US Gambling to Keep Changing

US Gambling to Keep Changing Since 1970s when Americans could only gamble in Nevada, gambling in the United States has seen remarkable changes as land gambling became available in 38 states, lotteries in 43 and instead of being disputable as it once was, it has become a pastime enjoyed by one in four Americans responsibly and controllably.

Discussing the theme of the development of gambling in the country, a Chicago Tribune blogger Steve Chapman wrote an article in which he the restricted availability of gambling due to the public perception which regarded it as a socially unacceptable, noting that today the situation is completely the opposite - according to official American Gaming Association statistics, over 60 million Americans visit gambling establishments, and the [land] gambling industry contributes around 1 percent of the national US economy.

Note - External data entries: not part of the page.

(* Let $u=s_{i_1}\cdots s_{i_l}$ and $v=s_{j_1}\cdots s_{j_m}$ be reduced words for glides in $\hat S_n$ such that $s_{j_1}\cdots s_{j_m}s_{i_1}\cdots s_{i_l}$ is reduced. In the wiring diagram of $v|u$, write $i\triangleleft j$ if wires $i$ and $j$ cross with $j$ the upper wire of the crossing. Then there exist real numbers $\alpha_1,\dots,\alpha_n$ such that $\alpha_i<\alpha_j$ whenever $i\triangleleft j$.
   Context: $\hat S_n$ is the affine symmetric group with generators $s_0,\dots,s_{n-1}$ (indices mod $n$) and relations $s_i^2=1$, $s_is_js_i=s_js_is_j$ if $i-j\equiv\pm1$, $s_is_j=s_js_i$ if $i-j\not\equiv0,\pm1\pmod n$; $\phi:\hat S_n\to S_n$ sends $s_i\mapsto(i\ i+1)$ ($1\le i\le n-1$), $s_0\mapsto(1\ n)$; a glide of offset $k\in\{0,\dots,n-1\}$ is an element $g$ with $\phi(g)(j)\equiv j+k\pmod n$ for all $j$. A word is drawn as a wiring diagram left to right on a cylinder with $n$ wires in positions $1,\dots,n$ (mod $n$); a letter $s_i$ is a crossing of the wires in positions $i$ and $i+1$ ($s_0$: positions $n$ and $1$). The upper wire of a crossing $s_i$ is the one passing from position $i+1$ to position $i$ (for $s_0$: from position $1$ to position $n$). In the diagram of $v|u$ (the word $vu$ with a cut between $v$ and $u$), wire number $i$ is the wire occupying position $i$ at the cut. *)

From Stdlib Require Import Relations Reals.
From mathcomp Require Import all_boot.

Set Implicit Arguments.
Unset Strict Implicit.
Unset Printing Implicit Defensive.

(* Conventions: a generator s_i (0 <= i <= n-1) is the letter i : 'I_n.
   Positions 1..n on the cylinder are encoded by ordinals modulo n:
   position p is the ordinal p %% n (so position n is ordinal 0).
   Then s_i crosses positions i and i+1 (mod n), i.e. ordinals i and ordS i
   (this includes s_0, crossing positions n and 1). *)

Section Affine.
Variable n : nat.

There has been a "...steady, gradual process of opening up freedom in this particular realm - a process that is not about to end,” noted Chapman, explaining: "That's because as more and more Americans have encountered legal gambling, they have discarded the exaggerated fears that once blocked it. The vast majority of patrons, it turns out, don't become compulsive gamblers, don't blow the rent on blackjack and don't desert their families.

"Bringing a casino into a community is not likely to set off a wave of crime or social decay. Neither is allowing it in the home."

Relating this to online gambling, he noted that more states will surely follow the example of New Jersey, Delaware and Nevada in passing legalization laws, but that there’s still around 4 percent of Americans who keep playing on offshore sites, risking having their financial transactions disrupted by UIGEA. According to him, all this is owed to the confusing and in parts discriminatory political and legal environment in the US, which is actively preventing offshore operators from obtaining local licensing.

One of the reasons, according to Chapman, why major US land gambling companies are now getting behind legalization initiatives is to ensure that by doing so, they acquire the advantage.

"What lies ahead is not quite a wide-open, consumer-driven business. Still, it's a far better deal for customers than being denied a legal avenue to Internet betting," he concluded.